= Noor Mohammad Qarqin =

Noor Mohammad Qarqin (born 1953 in a village in Qarqeen District of Jowzjan Province, Afghanistan) is a former minister in the Afghan government and ambassador. He is an ethnic Turkmen and has a Bachelor of Science from Kabul University.

== Early life ==
In 1978, he began service in the Ministry of Education as a member of the Uzbek and Turkmen Department, and later had a leading position in the gas and oil industry in Hairatan. After the Soviet invasion he moved to Pakistan and took part in the Islamic resistance against the communist regime. In December 2001 he returned to Afghanistan and played a role in the Loya Jirga's that were set up to give Afghanistan a new administration and a new constitution.

== Government minister ==
Between 2002 and 2004 Qarqeen was Social Affairs Minister of Afghanistan in the Transitional Administration, headed by Hamid Karzai. In the first presidential elections after the fall of the Taliban, he was director of the successful campaign of Karzai. He was rewarded with the position of education minister in the cabinet that Karzai appointed in 2004.
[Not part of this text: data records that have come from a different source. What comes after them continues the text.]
Lemma shift_difference_deriv k i j s : valid m n i j ->
  theta (2 * k - 1)%Z <= s <= theta (2 * k)%Z ->
  deriv_within (theta (2 * k - 1)%Z) (theta (2 * k)%Z) (fun s => x s i j - x (s + P) i j) s
    (- a i j * (x s i j - x (s + P) i j)
     + (coupling m n r C f (x (s + P)) i j - coupling m n r C f (x s) i j)).
Proof.
  intros Hv Hs.
  destruct (x_sol k i j Hv) as [Hd _]. destruct (x_sol (k + Np)%Z i j Hv) as [HdP _].
  replace (2 * (k + Np) - 1)%Z with ((2 * k - 1) + 2 * Np)%Z in HdP by ring.
  replace (2 * (k + Np))%Z with ((2 * k) + 2 * Np)%Z in HdP by ring.
  rewrite !theta_shift, zeta_shift in HdP by exact Hv.
  specialize (HdP (s + P) ltac:(lra)). apply deriv_within_shift in HdP.
  pose proof (deriv_within_minus _ _ _ _ _ _ _ (Hd s Hs) HdP) as Hdiff.
  unfold coupling. match goal with |- deriv_within _ _ _ _ ?d => replace d with
    ((- a i j * x s i j - sumN m n r i j (fun h l => C i j h l * f (x s h l) * x s i j) + zeta k i j)
     - (- a i j * x (s + P) i j
        - sumN m n r i j (fun h l => C i j h l * f (x (s + P) h l) * x (s + P) i j) + zeta k i j))
    by ring end.
  exact Hdiff.
Qed.

Lemma shift_difference_jump k i j : valid m n i j ->
  x (theta (2 * k + 1)%Z) i j - x (theta (2 * k + 1)%Z + P) i j =
    (1 - dlt theta k * a i j) * (x (theta (2 * k)%Z) i j - x (theta (2 * k)%Z + P) i j)
    + dlt theta k * (coupling m n r C f (x (theta (2 * k)%Z + P)) i j
                     - coupling m n r C f (x (theta (2 * k)%Z)) i j).
Proof.
  intros Hv.
  destruct (x_sol k i j Hv) as [_ Hj]. destruct (x_sol (k + Np)%Z i j Hv) as [_ HjP].
  assert (Hdlt : dlt theta (k + Np) = dlt theta k).
  { unfold dlt. replace (2 * (k + Np) + 1)%Z with ((2 * k + 1) + 2 * Np)%Z by ring.
    replace (2 * (k + Np))%Z with ((2 * k) + 2 * Np)%Z by ring. rewrite !theta_shift. ring. }
  replace (2 * (k + Np) + 1)%Z with ((2 * k + 1) + 2 * Np)%Z in HjP by ring.
  replace (2 * (k + Np))%Z with ((2 * k) + 2 * Np)%Z in HjP by ring.
  rewrite !theta_shift, Hdlt, zeta_shift in HjP by exact Hv.
  unfold coupling. rewrite Hj, HjP. ring.
Qed.

End ShiftedSolution.
Definition follower_ext (v : 'cV[R]_(nf * d)) (i : 'I_(nl + nf)) : 'cV[R]_d :=
  if split i is inr k then \col_r v (blk_idx k r) 0 else 0.

Lemma follower_ext_lshift v (i : 'I_nl) : follower_ext v (lshift nf i) = 0.
Proof. by rewrite /follower_ext (unsplitK (inl _ : 'I_nl + 'I_nf)). Qed.

Lemma follower_ext_rshift v (k : 'I_nf) :
  follower_ext v (rshift nl k) = \col_r v (blk_idx k r) 0.
Proof. by rewrite /follower_ext (unsplitK (inr _ : 'I_nl + 'I_nf)). Qed.

Lemma bform_L_ff v : bform (L_ff adj g) v v =
  \sum_i \sum_j bform (lap_block adj g i j) (follower_ext v i) (follower_ext v j).
Proof.
rewrite [RHS]big_split_ord /= [X in _ = X + _]big1 ?add0r; last first.
  by move=> i _; apply: big1 => j _; rewrite follower_ext_lshift bform0l.
transitivity (\sum_(l < nf) \sum_(s < d) \sum_(k < nf) \sum_(r < d)
    v (blk_idx k r) 0 * lap_block adj g (rshift nl k) (rshift nl l) r s *
    v (blk_idx l s) 0).
  rewrite bformE sum_blk_idx; apply: eq_bigr => l _; apply: eq_bigr => s _.
  rewrite sum_blk_idx; apply: eq_bigr => k _; apply: eq_bigr => r _.
  by rewrite L_ff_blkE.
under [RHS]eq_bigr => k _.
  rewrite big_split_ord /= big1 ?add0r => [|j _]; last first.
    by rewrite follower_ext_lshift bform0r.
  over.
rewrite [RHS]exchange_big /=; apply: eq_bigr => l _.
under [RHS]eq_bigr do rewrite bformE.
rewrite [RHS]exchange_big /=; apply: eq_bigr => s _; apply: eq_bigr => k _.
by apply: eq_bigr => r _; rewrite !follower_ext_rshift !mxE.
Qed.

Hypotheses (adj_sym : symmetric adj) (adj_irr : irreflexive adj).
Variable p : 'I_(nl + nf) -> 'cV[R]_d.
Hypothesis g_bearing : forall i j, adj i j -> g i j = bearing (p i) (p j).
Hypothesis p_rigid : inf_bearing_rigid adj p.

Lemma projP_g i k : adj i k -> projP (g i k) = projP (p k - p i).
Proof.
move=> ik; rewrite g_bearing // projP_bearing //; apply: p_rigid.1.
by apply: contraTneq ik => ->; rewrite adj_irr.
Qed.

Lemma projP_g_sym i k : adj i k -> projP (g i k) = projP (g k i).
Proof.
move=> ik; have ki : adj k i by rewrite adj_sym.
by rewrite projP_g // projP_g // -opprB projPN.
Qed.

Lemma trmx_L_ff : (L_ff adj g)^T = L_ff adj g.
Proof.
apply/matrixP => a b; rewrite mxE -(blk_idxK a) -(blk_idxK b) !L_ff_blkE /lap_block.
set i := rshift nl _; set j := rshift nl _.
rewrite [j == i]eq_sym [adj j i]adj_sym; have [<-|ij] := eqVneq i j.
  by rewrite !summxE; apply: eq_bigr => k _; rewrite -[in LHS]trmx_projP mxE.
case ij_adj: (adj i j); last by rewrite !mxE.
rewrite [LHS]mxE [RHS]mxE projP_g_sym //.
by rewrite -[in LHS]trmx_projP mxE.
Qed.

Lemma bform_L_ff_edges v : 2 * bform (L_ff adj g) v v =
  \sum_i \sum_(k | adj i k) bform (projP (g i k))
    (follower_ext v i - follower_ext v k) (follower_ext v i - follower_ext v k).
Proof. by rewrite bform_L_ff lap_form_edges // => i k; apply: projP_g_sym. Qed.

Lemma bform_L_ff_ge0 v : 0 <= bform (L_ff adj g) v v.
Proof.
rewrite -(pmulr_rge0 _ (ltr0Sn _ 1)) bform_L_ff_edges.
by apply: sumr_ge0 => i _; apply: sumr_ge0 => k _; apply: bform_projP_ge0.
Qed.

Lemma bform_L_ff_eq0 v : bform (L_ff adj g) v v = 0 ->
  forall i k, adj i k -> projP (g i k) *m (follower_ext v i - follower_ext v k) = 0.
Proof.
move=> form0 i k ik; apply: bform_projP_eq0.
have /esym := bform_L_ff_edges v; rewrite form0 mulr0.
move/(psumr_eq0P (fun i _ => sumr_ge0 _ (fun k _ => bform_projP_ge0 _ _))).
move/(_ i isT)/(psumr_eq0P (fun k _ => bform_projP_ge0 _ _)).
by apply.
Qed.

Hypothesis two_leaders : (2 <= nl)%N.

Lemma bform_L_ff_gt0 v : v != 0 -> 0 < bform (L_ff adj g) v v.
Proof.
rewrite lt_def bform_L_ff_ge0 andbT; apply: contra => /eqP /bform_L_ff_eq0 ker.
set x := follower_ext v in ker.
have [w [c motion]] : exists w c, forall i, x i = w + c *: p i.
  apply: (p_rigid.2 x).1 => i j r ij _; apply: derive1_bearing_eq0.
  by rewrite -projP_g // -opprB mulmxN ker // oppr0.
pose l0 : 'I_nl := Ordinal (ltnW two_leaders).
pose l1 : 'I_nl := Ordinal two_leaders.
have leaders_apart : p (lshift nf l0) != p (lshift nf l1).
  by apply: p_rigid.1; apply/eqP => /(congr1 val).
have x0 := affine_motion_eq0 motion (follower_ext_lshift v l0)
  (follower_ext_lshift v l1) leaders_apart.
apply/eqP/matrixP => a j; rewrite ord1 mxE -(blk_idxK a).
have := x0 (rshift nl (blk_agent a)); rewrite /x follower_ext_rshift.
by move/matrixP => /(_ (blk_coord a) 0); rewrite !mxE.
Qed.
After the election of the Wolesi Jirga, Karzai reshuffled his cabinet in 2006. The Ministry of Disabled and Martyrs was merged with the Ministry of Social Affairs and the new portfolio was given to Qarqeen.

== Ambassador ==
In the second Karzai administration Qarqeen didn't return as minister. He was made ambassador to Kyrgyzstan instead. His posting ended on Sep 30, 2016.